Because purifying selection in the genomic sequence can yield powerful evidence of functionality (Lowe et al. 2007), we also evaluated the rate of the nonsynonymous/synonymous (Ka/Ks) distribution of the primate-rodent retrocopies. The 63 retrocopies presented a Ka/Ks distribution with a peak smaller than 0.5 (supplementary fig. S1, Supplementary Material online; median 0.22), whereas 1,000 random sets of 63 retrocopies presented a Ka/Ks centered between 0.5 and 1 (supplementary fig. S1, Supplementary Material online, median 0.58). Such a difference (P value < 0.0001; Mann–Whitney U test) suggests that most of these retrocopies are subject to selective constraints and, therefore, are potentially functional.

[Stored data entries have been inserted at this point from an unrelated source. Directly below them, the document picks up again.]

Lemma pois_prob_le_markov (I : nat) (lam : 'cV[R]_I) (E : set {ffun 'I_I -> nat})
    (H : {ffun 'I_I -> nat} -> R) (t c : R) :
  0 < t -> (forall y, 0 <= H y) -> (forall y, E y -> t <= H y) ->
  (forall N, \sum_(b : {ffun 'I_I -> 'I_N})
     (\prod_i poisson_pmf (lam i 0) (b i)) * H (ffun_nat b) <= c) ->
  (pois_prob lam E <= (c / t)%:E)%E.
Proof.
move=> t_gt0 H_ge0 E_ge box_le.
have pmf_ge0 y : 0 <= pois_vec_pmf lam y.
  by apply: prodr_ge0 => i _; exact: poisson_pmf_ge0.
apply: ge_ereal_sup => _ [X [X_fin X_E] <-].
rewrite fsumEFin // lee_fin fsbig_finite //= ler_pdivlMr // mulr_suml.
have [N sum_le] := sum_le_box_sum (finmap.fset_uniq (fset_set X))
  (fun y => mulr_ge0 (pmf_ge0 y) (H_ge0 y)).
apply: le_trans (box_le N); apply: le_trans (le_trans _ sum_le) _.
  rewrite big_seq [leRHS]big_seq; apply: ler_sum => y.
  rewrite in_fset_set // inE => /X_E/E_ge.
  exact: ler_wpM2l.
apply: ler_sum => b _; suff -> : pois_vec_pmf lam (ffun_nat b)
  = \prod_i poisson_pmf (lam i 0) (b i) by [].
by apply: eq_bigr => i _; rewrite ffun_natE.
Qed.

End BoxSums.

Lemma pearson_ge0 (R : realType) (T : finType) (lam : T -> R) (y : {ffun T -> nat}) :
  (forall i, 0 < lam i) -> 0 <= pearson lam y.
Proof. by move=> lam_gt0; apply: sumr_ge0 => i _; rewrite divr_ge0 ?sqr_ge0 ?ltW. Qed.

Lemma big_error_event_pearson (R : realType) (J I : nat) (A : 'M[R]_(J, I))
    (lam : 'cV[R]_I) (K : R) (y : {ffun 'I_I -> nat}) :
  0 < K -> RM A lam -> (forall i, (8 * (K * I%:R)) ^+ 2 <= lam i 0) ->
  big_error_event A lam (8 * (K * I%:R)) y -> K ^+ 2 <= pearson (fun i => lam i 0) y.
Proof.
move=> K_gt0 lam_RM lam_ge [lh [[lh_RM lh_mle] [i err]]].
have lam_gt0 := lam_RM.1.
have [/forallP dev_le | /forallPn [k]] :=
  boolP [forall k, `|(y k)%:R - lam k 0| <= K * Num.sqrt (lam k 0)].
  move: err; rewrite ltNge => /negP[]; rewrite -[in leRHS](card_ord I).
  apply: (@mle_std_error_le _ _ (fun k => (y k)%:R) (fun k => lam k 0)
    (fun k => lh k 0)) => //; first exact: lh_RM.1.
    move=> k; rewrite card_ord -[leLHS]ger0_norm -?sqrtr_sqr ?ler_wsqrtr //.
    by rewrite !mulr_ge0 ?ler0n ?ltW.
  exact: lh_mle.
rewrite -ltNge => dev_gt; rewrite /pearson (bigD1 k) //=.
apply: ler_wpDr; first by apply: sumr_ge0 => j _; rewrite divr_ge0 ?sqr_ge0 ?ltW.
move: dev_gt; set d := (y k)%:R - lam k 0 => dev_gt.
have sqrt_gt0 : 0 < Num.sqrt (lam k 0) by rewrite sqrtr_gt0.
rewrite ler_pdivlMr // -[in leLHS](sqr_sqrtr (ltW (lam_gt0 k))) -exprMn.
rewrite -(real_normK (num_real d)) ler_sqr ?nnegrE ?(ltW dev_gt) //.
by rewrite mulr_ge0 // ltW.
Qed.

Theorem lemma3p3 (R : realType) (J I : nat) (A : 'M[R]_(J, I))
  (lam0 : nat -> 'cV[R]_I) :
  zero_one_mx A -> full_row_rank A -> col_has_one A ->
  (forall r, RM A (lam0 r)) ->
  min_to_infty lam0 ->
  forall eps : R, 0 < eps ->
  exists M : R, exists r0 : nat, forall r, (r0 <= r)%N ->
    (pois_prob (lam0 r) (big_error_event A (lam0 r) M) <= eps%:E)%E.
Proof.
move=> _ _ _ lam0_RM lam0_big eps eps_gt0.
pose K := I%:R / eps + 1.
have K_ge1 : 1 <= K by rewrite /K lerDr divr_ge0 // ltW.
have K_gt0 : 0 < K by lra.
exists (8 * (K * I%:R)).
have [r0 lam0_ge] := lam0_big ((8 * (K * I%:R)) ^+ 2).
exists r0 => r r0_le; have lam_gt0 := (lam0_RM r).1.
apply: le_trans (pois_prob_le_markov (t := K ^+ 2) (exprn_gt0 _ K_gt0)
  (fun y => pearson_ge0 y lam_gt0)
  (fun y => big_error_event_pearson K_gt0 (lam0_RM r) (lam0_ge r r0_le))
  (fun N => poisson_box_pearson_le N lam_gt0)) _.
rewrite lee_fin card_ord ler_pdivrMr ?exprn_gt0 //.
have : I%:R <= eps * K by rewrite /K mulrDr mulrCA divff ?mulr1 ?gt_eqF //; lra.
have : K <= K ^+ 2 by rewrite expr2 ler_peMr // ltW.
nra.
Qed.
(* Let $p$ be a rational prime with $p\equiv1\pmod 8$. Then there exist positive integers $a,b$ with $p=(a+b\sqrt2)(a-b\sqrt2)$, and for such $a,b$ there exists $\alpha\in\mathbb{Z}[\zeta_8]$ such that $$a+b\sqrt2=\sigma_1(\alpha)\sigma_7(\alpha),\qquad a-b\sqrt2=\sigma_3(\alpha)\sigma_5(\alpha),$$ and $$\|\Sigma_{\mathbb{Q}(\zeta_8)}(\alpha)\|^2=2\sigma_1(\alpha)\sigma_7(\alpha)+2\sigma_3(\alpha)\sigma_5(\alpha)=4a.$$
   Context: $\zeta_8=e^{2\pi i/8}$, $\sqrt2=\zeta_8+\zeta_8^{7}$. For $i\in\{1,3,5,7\}$, $\sigma_i$ is the automorphism of $\mathbb{Q}(\zeta_8)$ with $\sigma_i(\zeta_8)=\zeta_8^i$. The canonical embedding norm is $\|\Sigma_{\mathbb{Q}(\zeta_8)}(x)\|^2=\sum_{i\in\{1,3,5,7\}}|\sigma_i(x)|^2$. *)

From mathcomp Require Import all_boot all_order all_algebra all_field.
Set Implicit Arguments. Unset Strict Implicit. Unset Printing Implicit Defensive.
Import Order.TTheory GRing.Theory Num.Theory.
Local Open Scope ring_scope.

(* zeta_8 = e^{2 pi i/8} = (sqrt 2 / 2) (1 + i), as an element of algC. *)
Definition zeta8 : algC := sqrtC 2 / 2 * (1 + 'i).

Definition sqrt2 : algC := zeta8 + zeta8 ^+ 7.

(* An element of Z[zeta_8] is c_0 + c_1 z + c_2 z^2 + c_3 z^3 with c_k in Z
   ({1,z,z^2,z^3} is a Z-basis).  The embedding/automorphism sigma_i sends
   zeta_8 to zeta_8^i, hence acts on coefficient vectors as below. *)
Definition zelt (c : 'I_4 -> int) : algC :=
  \sum_(k < 4) (c k)%:~R * zeta8 ^+ k.

Definition sigma (i : nat) (c : 'I_4 -> int) : algC :=
  \sum_(k < 4) (c k)%:~R * zeta8 ^+ (i * k).

Definition canon_norm2 (c : 'I_4 -> int) : algC :=
  \sum_(i <- [:: 1; 3; 5; 7]%N) `|sigma i c| ^+ 2.

From HB Require Import structures.
From mathcomp Require Import all_boot all_order all_algebra all_field.
From mathcomp Require Import ring zify.
Import Order.TTheory GRing.Theory Num.Theory.
Local Open Scope ring_scope.

(* Let pi = a + b sqrt2, a totally positive element of Z[sqrt2] of norm p, and z a
   root of X^4 + 1 modulo p with pi(z) = 0.  As Z[zeta8] is norm-Euclidean, the gcd g
   of pi and zeta8 - z has norm p, so g sigma7(g) is a totally positive generator of
   the prime ideal (pi) of Z[sqrt2].  The quotient of pi by g sigma7(g) is a totally
   positive unit, hence the square of a unit eps (descent on Pell's equation), and
   alpha = g eps satisfies alpha sigma7(alpha) = pi.  The existence of a and b is
   Thue's lemma applied to the square root z - z^3 of 2 modulo p. *)

Lemma sqrt2_irrational {x y : int} : x ^+ 2 = 2 * y ^+ 2 -> y = 0.
Proof.
move=> /(congr1 absz); rewrite abszM !abszX => e.
apply/eqP; rewrite -absz_eq0; apply/eqP.
move: e; set m := `|x|%N; set n := `|y|%N => e.
have [// | n_gt0] := posnP n; have m_gt0 : (0 < m)%N by nia.
have := congr1 (logn 2) e.
by rewrite lognM ?expn_gt0 ?n_gt0 // !lognX (@logn_prime 2 2) //=; lia.
Qed.

Lemma exists_floor_sqrt n : exists m, (m ^ 2 <= n < m.+1 ^ 2)%N.
Proof.
elim: n => [|n [m /andP[m_le n_lt]]]; first by exists 0%N.
have [n1_lt | m1_le] := ltnP n.+1 (m.+1 ^ 2); first by exists m; rewrite n1_lt andbT ltnW.
by exists m.+1; rewrite m1_le /=; nia.
Qed.

Lemma pell_sqr {u v : int} : 0 < u -> u ^+ 2 - 2 * v ^+ 2 = 1 ->
  exists e f : int, u = e ^+ 2 + 2 * f ^+ 2 /\ v = 2 * e * f.
Proof.
have [n] := ubnP `|v|%N; elim: n u v => // n IH u v lt_vn u_gt0 uv1.
have [v0 | v_neq0] := eqVneq v 0.
  have /eqP : u ^+ 2 = 1 by move: uv1; rewrite v0 expr0n /= mulr0 subr0.
  rewrite sqrf_eq1 => /orP[/eqP-> | /eqP u_eq]; last by rewrite u_eq in u_gt0.
  by exists 1, 0; rewrite v0; split; ring.
wlog v_gt0 : v lt_vn uv1 v_neq0 / 0 < v.
  move=> gen; case: (ltgtP v 0) => [v_lt0 | v_gt0 | v0]; last 1 first.
  - by rewrite v0 eqxx in v_neq0.
  - have := gen (- v); rewrite abszN sqrrN oppr_eq0 oppr_gt0.
    case/(_ lt_vn uv1 v_neq0 v_lt0) => e [f [ue vf]].
    by exists e, (- f); rewrite ue -[v]opprK vf; split; ring.
  - exact: gen.
have v_lt_u : v < u by nia.
have u_lt_2v : u < 2 * v by nia.
have v4_lt_u3 : 4 * v < 3 * u by nia.
(* descend along multiplication by the unit 3 - 2 sqrt2 *)
have [|||e [f [ue vf]]] := IH (3 * u - 4 * v) (3 * v - 2 * u).
- lia.
- lia.
- by rewrite -[RHS]uv1; ring.
exists (e + 2 * f), (e + f); split.
  have -> : u = 3 * (3 * u - 4 * v) + 4 * (3 * v - 2 * u) by ring.
  by rewrite ue vf; ring.
have -> : v = 2 * (3 * u - 4 * v) + 3 * (3 * v - 2 * u) by ring.
by rewrite ue vf; ring.
Qed.

(** * The ring Z[zeta8] *)

(* Coordinates in the basis 1, zeta, zeta^2, zeta^3, multiplied using zeta^4 = -1. *)
Record cyc8 := Cyc8 { cf0 : int; cf1 : int; cf2 : int; cf3 : int }.

Definition cyc8_tuple x := (cf0 x, cf1 x, cf2 x, cf3 x).
Definition tuple_cyc8 (t : int * int * int * int) :=
  let: (a, b, c, d) := t in Cyc8 a b c d.
Lemma cyc8_tupleK : cancel cyc8_tuple tuple_cyc8. Proof. by case. Qed.
HB.instance Definition _ := Choice.copy cyc8 (can_type cyc8_tupleK).

Definition cyc8_add x y :=
  Cyc8 (cf0 x + cf0 y) (cf1 x + cf1 y) (cf2 x + cf2 y) (cf3 x + cf3 y).
Definition cyc8_opp x := Cyc8 (- cf0 x) (- cf1 x) (- cf2 x) (- cf3 x).
Definition cyc8_mul x y :=
  Cyc8 (cf0 x * cf0 y - cf1 x * cf3 y - cf2 x * cf2 y - cf3 x * cf1 y)
       (cf0 x * cf1 y + cf1 x * cf0 y - cf2 x * cf3 y - cf3 x * cf2 y)
       (cf0 x * cf2 y + cf1 x * cf1 y + cf2 x * cf0 y - cf3 x * cf3 y)
       (cf0 x * cf3 y + cf1 x * cf2 y + cf2 x * cf1 y + cf3 x * cf0 y).

Ltac cyc8_congr :=
  repeat match goal with x : cyc8 |- _ => case: x => ? ? ? ? end;
  rewrite /= /cyc8_add /cyc8_opp /cyc8_mul /=; congr Cyc8; ring.

Lemma cyc8_addA : associative cyc8_add. Proof. move=> *; cyc8_congr. Qed.
Lemma cyc8_addC : commutative cyc8_add. Proof. move=> *; cyc8_congr. Qed.
Lemma cyc8_add0 : left_id (Cyc8 0 0 0 0) cyc8_add. Proof. move=> *; cyc8_congr. Qed.
Lemma cyc8_addN : left_inverse (Cyc8 0 0 0 0) cyc8_opp cyc8_add.
Proof. move=> *; cyc8_congr. Qed.
HB.instance Definition _ :=
  GRing.isZmodule.Build cyc8 cyc8_addA cyc8_addC cyc8_add0 cyc8_addN.

Lemma cyc8_mulA : associative cyc8_mul. Proof. move=> *; cyc8_congr. Qed.
Lemma cyc8_mulC : commutative cyc8_mul. Proof. move=> *; cyc8_congr. Qed.
Lemma cyc8_mul1 : left_id (Cyc8 1 0 0 0) cyc8_mul. Proof. move=> *; cyc8_congr. Qed.
Lemma cyc8_mulD : left_distributive cyc8_mul cyc8_add.
Proof. move=> *; cyc8_congr. Qed.
Lemma cyc8_one_neq0 : Cyc8 1 0 0 0 != 0. Proof. by []. Qed.
HB.instance Definition _ := GRing.Zmodule_isComNzRing.Build cyc8
  cyc8_mulA cyc8_mulC cyc8_mul1 cyc8_mulD cyc8_one_neq0.

Lemma cyc8_addE x y : x + y =
  Cyc8 (cf0 x + cf0 y) (cf1 x + cf1 y) (cf2 x + cf2 y) (cf3 x + cf3 y).
Proof. by []. Qed.

Lemma cyc8_oppE x : - x = Cyc8 (- cf0 x) (- cf1 x) (- cf2 x) (- cf3 x).
Proof. by []. Qed.

Lemma cyc8_mulE x y : x * y = cyc8_mul x y.
Proof. by []. Qed.

Lemma intr_cyc8 (n : int) : n%:~R = Cyc8 n 0 0 0.
Proof.
have natE k : k%:R = Cyc8 k 0 0 0.
  by elim: k => // k IH; rewrite mulrS IH cyc8_addE /=; congr Cyc8; lia.
case: n => k; first exact: natE.
by rewrite NegzE mulrNz -pmulrn natE cyc8_oppE /=; congr Cyc8; lia.
Qed.

Ltac cyc8_compute :=
  rewrite ?intr_cyc8 ?cyc8_addE ?cyc8_oppE ?cyc8_mulE /cyc8_mul /=;
  congr Cyc8; ring.

Definition zeta : cyc8 := Cyc8 0 1 0 0.

Lemma zeta4 : zeta ^+ 4 = -1. Proof. by []. Qed.

Lemma zetaX4 k : odd k -> (zeta ^+ k) ^+ 4 = -1.
Proof. by move=> k_odd; rewrite exprAC zeta4 -signr_odd k_odd. Qed.

Definition sqrt2_8 : cyc8 := zeta - zeta ^+ 3.

Lemma sqrt2_8_sqr : sqrt2_8 ^+ 2 = 2.
Proof. by []. Qed.

Lemma sqrt2_8E (a b : int) : a%:~R + b%:~R * sqrt2_8 = Cyc8 a b 0 (- b).
Proof. by rewrite (_ : sqrt2_8 = Cyc8 0 1 0 (-1)) //; cyc8_compute. Qed.

Lemma mul_sqrt2_8 (a b c d : int) :
  (a%:~R + b%:~R * sqrt2_8) * (c%:~R + d%:~R * sqrt2_8)
  = (a * c + 2 * b * d)%:~R + (a * d + b * c)%:~R * sqrt2_8.
Proof.
transitivity (a%:~R * c%:~R + b%:~R * d%:~R * sqrt2_8 ^+ 2
  + (a%:~R * d%:~R + b%:~R * c%:~R) * sqrt2_8 : cyc8); first by ring.
by rewrite sqrt2_8_sqr; ring.
Qed.

Section Evaluation.
Variables (R : comNzRingType) (w : R).

Definition ev8 (x : cyc8) : R :=
  (cf0 x)%:~R + (cf1 x)%:~R * w + (cf2 x)%:~R * w ^+ 2 + (cf3 x)%:~R * w ^+ 3.

Lemma ev8B : {morph ev8 : x y / x - y}.
Proof. by case=> a b c d [e f g h]; rewrite /ev8 /= !intrB; ring. Qed.

HB.instance Definition _ := GRing.isZmodMorphism.Build cyc8 R ev8 ev8B.

Lemma ev8_int (n : int) : ev8 n%:~R = n%:~R.
Proof. by rewrite intr_cyc8 /ev8 /=; ring. Qed.

Lemma ev8_1 : ev8 1 = 1.
Proof. by rewrite /ev8 /=; ring. Qed.

Lemma ev8_zeta : ev8 zeta = w.
Proof. by rewrite /ev8 /=; ring. Qed.

Lemma ev8_sqrt2_8 (a b : int) :
  ev8 (a%:~R + b%:~R * sqrt2_8) = a%:~R + b%:~R * (w - w ^+ 3).
Proof. by rewrite sqrt2_8E /ev8 /=; ring. Qed.

Hypothesis w4 : w ^+ 4 = -1.

Lemma ev8M : {morph ev8 : x y / x * y}.
Proof.
case=> a b c d [e f g h]; apply/eqP; rewrite -subr_eq0 /ev8 /= !(intrD, intrB, intrM).
(* the two sides differ by a multiple of w ^+ 4 + 1 *)
apply/eqP; transitivity (- (w ^+ 4 + 1) * ((b * h + c * g + d * f)%:~R
  + (c * h + d * g)%:~R * w + (d * h)%:~R * w ^+ 2)); first by ring.
by rewrite w4 addNr oppr0 mul0r.
Qed.

Lemma ev8X x n : ev8 (x ^+ n) = ev8 x ^+ n.
Proof. by elim: n => [|n IH]; rewrite ?ev8_1 // !exprS ev8M IH. Qed.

Additionally, we investigated how many of the 63 primate-rodent shared retrocopies are related to the X chromosome, as some genes located on the X chromosome (X-genes) “export” retrocopies to autosomes (Emerson et al. 2004) to escape to X-gene silencing during the haploid stages of spermatogenesis (Richler et al. 1992). In the human genome, we found 43% (27 out 63) of these retrocopies in accordance with this hypothesis, including migrations both out of (expected: 3 retrocopies; found: 13 retrocopies; P value = 0.016) and into (expected: 2 retrocopies; found: 14 retrocopies, P value = 0.0032) the X chromosome. In comparison, only approximately 1% of all human retrocopies (excluding these 27 retrocopies) were inserted into or originated from genes located in the X chromosome.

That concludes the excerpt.